_Task details_
Return the material unaltered, line by line.

_Entries shown_
(* Let $n_1<n_2<n_3$ be positive integers with $\gcd(n_1,n_2,n_3)=1$ that minimally generate the numerical semigroup $S=\langle n_1,n_2,n_3\rangle$, and assume $S$ is not symmetric. Let $\delta_1=c_1-r_{12}-r_{13}$, $\delta_3=r_{31}+r_{32}-c_3$ and $g=\gcd(\delta_1,\delta_3)$. Then \[ \Delta(S)=\Big\{\, g\,i \;:\; i\in\{1,\ldots,\max\{\delta_1/g,\delta_3/g\}\},\ \text{the }\lambda\text{-B\'ezout couple of } i \text{ or the }\mu\text{-B\'ezout couple of } i \text{ for } (\delta_1/g,\delta_3/g) \text{ is irreducible}\Big\}. \]
   Context: $S=\langle n_1,n_2,n_3\rangle=\{x_1n_1+x_2n_2+x_3n_3 : x_i\in\mathbb N\}$; minimally generated means no $n_i$ lies in the submonoid generated by the other two. With $F=\max(\mathbb Z\setminus S)$, $S$ is symmetric if $x\in\mathbb Z\setminus S$ implies $F-x\in S$. For $\{i,j,k\}=\{1,2,3\}$, $c_i=\min\{c\in\mathbb Z^+ : cn_i\in\langle n_j,n_k\rangle\}$; when $S$ is not symmetric there are unique positive integers $r_{ij},r_{ik}$ with $c_in_i=r_{ij}n_j+r_{ik}n_k$ (and then $\delta_1,\delta_3$ are positive integers). For $s\in S$, the set of lengths is $\mathcal L(s)=\{x_1+x_2+x_3 : (x_1,x_2,x_3)\in\mathbb N^3,\ x_1n_1+x_2n_2+x_3n_3=s\}=\{m_1<\dots<m_k\}$, $\Delta(s)=\{m_t-m_{t-1}:2\le t\le k\}$, and $\Delta(S)=\bigcup_{s\in S}\Delta(s)$. B\'ezout couples: for coprime positive integers $p,q$ and $i\in\{1,\ldots,\max\{p,q\}\}$, the $\lambda$-B\'ezout couple of $i$ for $(p,q)$ is the unique $(x,y)\in\mathbb Z^2$ with $xp+yq=i$ and $0<y\le p$; the $\mu$-B\'ezout couple of $i$ for $(p,q)$ is the unique $(x,y)\in\mathbb Z^2$ with $xp+yq=i$ and $0<x\le q$. The $\lambda$-B\'ezout couple $\boldsymbol\lambda_i$ of $i$ is irreducible if there are no $j,k\in\{1,\ldots,\max\{p,q\}\}$ with $\boldsymbol\lambda_i=\boldsymbol\lambda_j+\boldsymbol\lambda_k$ (sum in $\mathbb Z^2$ of the $\lambda$-B\'ezout couples of $j$ and $k$); irreducibility of $\mu$-B\'ezout couples is defined in the same way using $\mu$-B\'ezout couples. *)

From mathcomp Require Import all_boot all_order all_algebra.
Set Implicit Arguments. Unset Strict Implicit. Unset Printing Implicit Defensive.
Import Order.TTheory GRing.Theory Num.Theory.
Local Open Scope ring_scope.

Definition inS3 (n1 n2 n3 : nat) (s : int) : Prop :=
  exists x1 x2 x3 : nat, s = ((x1 * n1 + x2 * n2 + x3 * n3)%N)%:Z.

Definition inS2 (nj nk : nat) (s : nat) : Prop :=
  exists xj xk : nat, s = (xj * nj + xk * nk)%N.

Definition min_gen (n1 n2 n3 : nat) : Prop :=
  ~ inS2 n2 n3 n1 /\ ~ inS2 n1 n3 n2 /\ ~ inS2 n1 n2 n3.

Definition is_frobenius (n1 n2 n3 : nat) (F : int) : Prop :=
  ~ inS3 n1 n2 n3 F /\ forall x : int, F < x -> inS3 n1 n2 n3 x.

Definition symmetric3 (n1 n2 n3 : nat) : Prop :=
  exists F : int, is_frobenius n1 n2 n3 F /\
    forall x : int, ~ inS3 n1 n2 n3 x -> inS3 n1 n2 n3 (F - x).

Definition is_c (ni nj nk c : nat) : Prop :=
  (0 < c)%N /\ inS2 nj nk (c * ni) /\
  forall c' : nat, (0 < c')%N -> (c' < c)%N -> ~ inS2 nj nk (c' * ni).

Definition is_length (n1 n2 n3 s m : nat) : Prop :=
  exists x1 x2 x3 : nat,
    (x1 * n1 + x2 * n2 + x3 * n3)%N = s /\ (x1 + x2 + x3)%N = m.

Definition in_Delta_s (n1 n2 n3 s d : nat) : Prop :=
  exists m m' : nat, is_length n1 n2 n3 s m /\ is_length n1 n2 n3 s m' /\
    (m < m')%N /\ d = (m' - m)%N /\
    forall t : nat, (m < t)%N -> (t < m')%N -> ~ is_length n1 n2 n3 s t.

Definition in_Delta_S (n1 n2 n3 d : nat) : Prop :=
  exists s : nat, in_Delta_s n1 n2 n3 s d.

Definition lam_couple (p q i x y : int) : Prop :=
  x * p + y * q = i /\ 0 < y /\ y <= p.

Definition mu_couple (p q i x y : int) : Prop :=
  x * p + y * q = i /\ 0 < x /\ x <= q.

Definition in_range (p q i : int) : Prop := 1 <= i /\ i <= Num.max p q.

Definition irreducible_couple (cpl : int -> int -> int -> int -> int -> Prop)
    (p q i : int) : Prop :=
  exists x y : int, cpl p q i x y /\
    ~ (exists (j k xj yj xk yk : int),
         in_range p q j /\ in_range p q k /\
         cpl p q j xj yj /\ cpl p q k xk yk /\
         x = xj + xk /\ y = yj + yk).

From mathcomp Require Import all_boot all_order all_algebra.
From mathcomp Require Import zify.
Import Order.TTheory GRing.Theory Num.Theory.
Local Open Scope ring_scope.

_Your response_
(* Let $n_1<n_2<n_3$ be positive integers with $\gcd(n_1,n_2,n_3)=1$ that minimally generate the numerical semigroup $S=\langle n_1,n_2,n_3\rangle$, and assume $S$ is not symmetric. Let $\delta_1=c_1-r_{12}-r_{13}$, $\delta_3=r_{31}+r_{32}-c_3$ and $g=\gcd(\delta_1,\delta_3)$. Then \[ \Delta(S)=\Big\{\, g\,i \;:\; i\in\{1,\ldots,\max\{\delta_1/g,\delta_3/g\}\},\ \text{the }\lambda\text{-B\'ezout couple of } i \text{ or the }\mu\text{-B\'ezout couple of } i \text{ for } (\delta_1/g,\delta_3/g) \text{ is irreducible}\Big\}. \]
   Context: $S=\langle n_1,n_2,n_3\rangle=\{x_1n_1+x_2n_2+x_3n_3 : x_i\in\mathbb N\}$; minimally generated means no $n_i$ lies in the submonoid generated by the other two. With $F=\max(\mathbb Z\setminus S)$, $S$ is symmetric if $x\in\mathbb Z\setminus S$ implies $F-x\in S$. For $\{i,j,k\}=\{1,2,3\}$, $c_i=\min\{c\in\mathbb Z^+ : cn_i\in\langle n_j,n_k\rangle\}$; when $S$ is not symmetric there are unique positive integers $r_{ij},r_{ik}$ with $c_in_i=r_{ij}n_j+r_{ik}n_k$ (and then $\delta_1,\delta_3$ are positive integers). For $s\in S$, the set of lengths is $\mathcal L(s)=\{x_1+x_2+x_3 : (x_1,x_2,x_3)\in\mathbb N^3,\ x_1n_1+x_2n_2+x_3n_3=s\}=\{m_1<\dots<m_k\}$, $\Delta(s)=\{m_t-m_{t-1}:2\le t\le k\}$, and $\Delta(S)=\bigcup_{s\in S}\Delta(s)$. B\'ezout couples: for coprime positive integers $p,q$ and $i\in\{1,\ldots,\max\{p,q\}\}$, the $\lambda$-B\'ezout couple of $i$ for $(p,q)$ is the unique $(x,y)\in\mathbb Z^2$ with $xp+yq=i$ and $0<y\le p$; the $\mu$-B\'ezout couple of $i$ for $(p,q)$ is the unique $(x,y)\in\mathbb Z^2$ with $xp+yq=i$ and $0<x\le q$. The $\lambda$-B\'ezout couple $\boldsymbol\lambda_i$ of $i$ is irreducible if there are no $j,k\in\{1,\ldots,\max\{p,q\}\}$ with $\boldsymbol\lambda_i=\boldsymbol\lambda_j+\boldsymbol\lambda_k$ (sum in $\mathbb Z^2$ of the $\lambda$-B\'ezout couples of $j$ and $k$); irreducibility of $\mu$-B\'ezout couples is defined in the same way using $\mu$-B\'ezout couples. *)

From mathcomp Require Import all_boot all_order all_algebra.
Set Implicit Arguments. Unset Strict Implicit. Unset Printing Implicit Defensive.
Import Order.TTheory GRing.Theory Num.Theory.
Local Open Scope ring_scope.

Definition inS3 (n1 n2 n3 : nat) (s : int) : Prop :=
  exists x1 x2 x3 : nat, s = ((x1 * n1 + x2 * n2 + x3 * n3)%N)%:Z.

Definition inS2 (nj nk : nat) (s : nat) : Prop :=
  exists xj xk : nat, s = (xj * nj + xk * nk)%N.

Definition min_gen (n1 n2 n3 : nat) : Prop :=
  ~ inS2 n2 n3 n1 /\ ~ inS2 n1 n3 n2 /\ ~ inS2 n1 n2 n3.

Definition is_frobenius (n1 n2 n3 : nat) (F : int) : Prop :=
  ~ inS3 n1 n2 n3 F /\ forall x : int, F < x -> inS3 n1 n2 n3 x.

Definition symmetric3 (n1 n2 n3 : nat) : Prop :=
  exists F : int, is_frobenius n1 n2 n3 F /\
    forall x : int, ~ inS3 n1 n2 n3 x -> inS3 n1 n2 n3 (F - x).

Definition is_c (ni nj nk c : nat) : Prop :=
  (0 < c)%N /\ inS2 nj nk (c * ni) /\
  forall c' : nat, (0 < c')%N -> (c' < c)%N -> ~ inS2 nj nk (c' * ni).

Definition is_length (n1 n2 n3 s m : nat) : Prop :=
  exists x1 x2 x3 : nat,
    (x1 * n1 + x2 * n2 + x3 * n3)%N = s /\ (x1 + x2 + x3)%N = m.

Definition in_Delta_s (n1 n2 n3 s d : nat) : Prop :=
  exists m m' : nat, is_length n1 n2 n3 s m /\ is_length n1 n2 n3 s m' /\
    (m < m')%N /\ d = (m' - m)%N /\
    forall t : nat, (m < t)%N -> (t < m')%N -> ~ is_length n1 n2 n3 s t.

Definition in_Delta_S (n1 n2 n3 d : nat) : Prop :=
  exists s : nat, in_Delta_s n1 n2 n3 s d.

Definition lam_couple (p q i x y : int) : Prop :=
  x * p + y * q = i /\ 0 < y /\ y <= p.

Definition mu_couple (p q i x y : int) : Prop :=
  x * p + y * q = i /\ 0 < x /\ x <= q.

Definition in_range (p q i : int) : Prop := 1 <= i /\ i <= Num.max p q.

Definition irreducible_couple (cpl : int -> int -> int -> int -> int -> Prop)
    (p q i : int) : Prop :=
  exists x y : int, cpl p q i x y /\
    ~ (exists (j k xj yj xk yk : int),
         in_range p q j /\ in_range p q k /\
         cpl p q j xj yj /\ cpl p q k xk yk /\
         x = xj + xk /\ y = yj + yk).

From mathcomp Require Import all_boot all_order all_algebra.
From mathcomp Require Import zify.
Import Order.TTheory GRing.Theory Num.Theory.
Local Open Scope ring_scope.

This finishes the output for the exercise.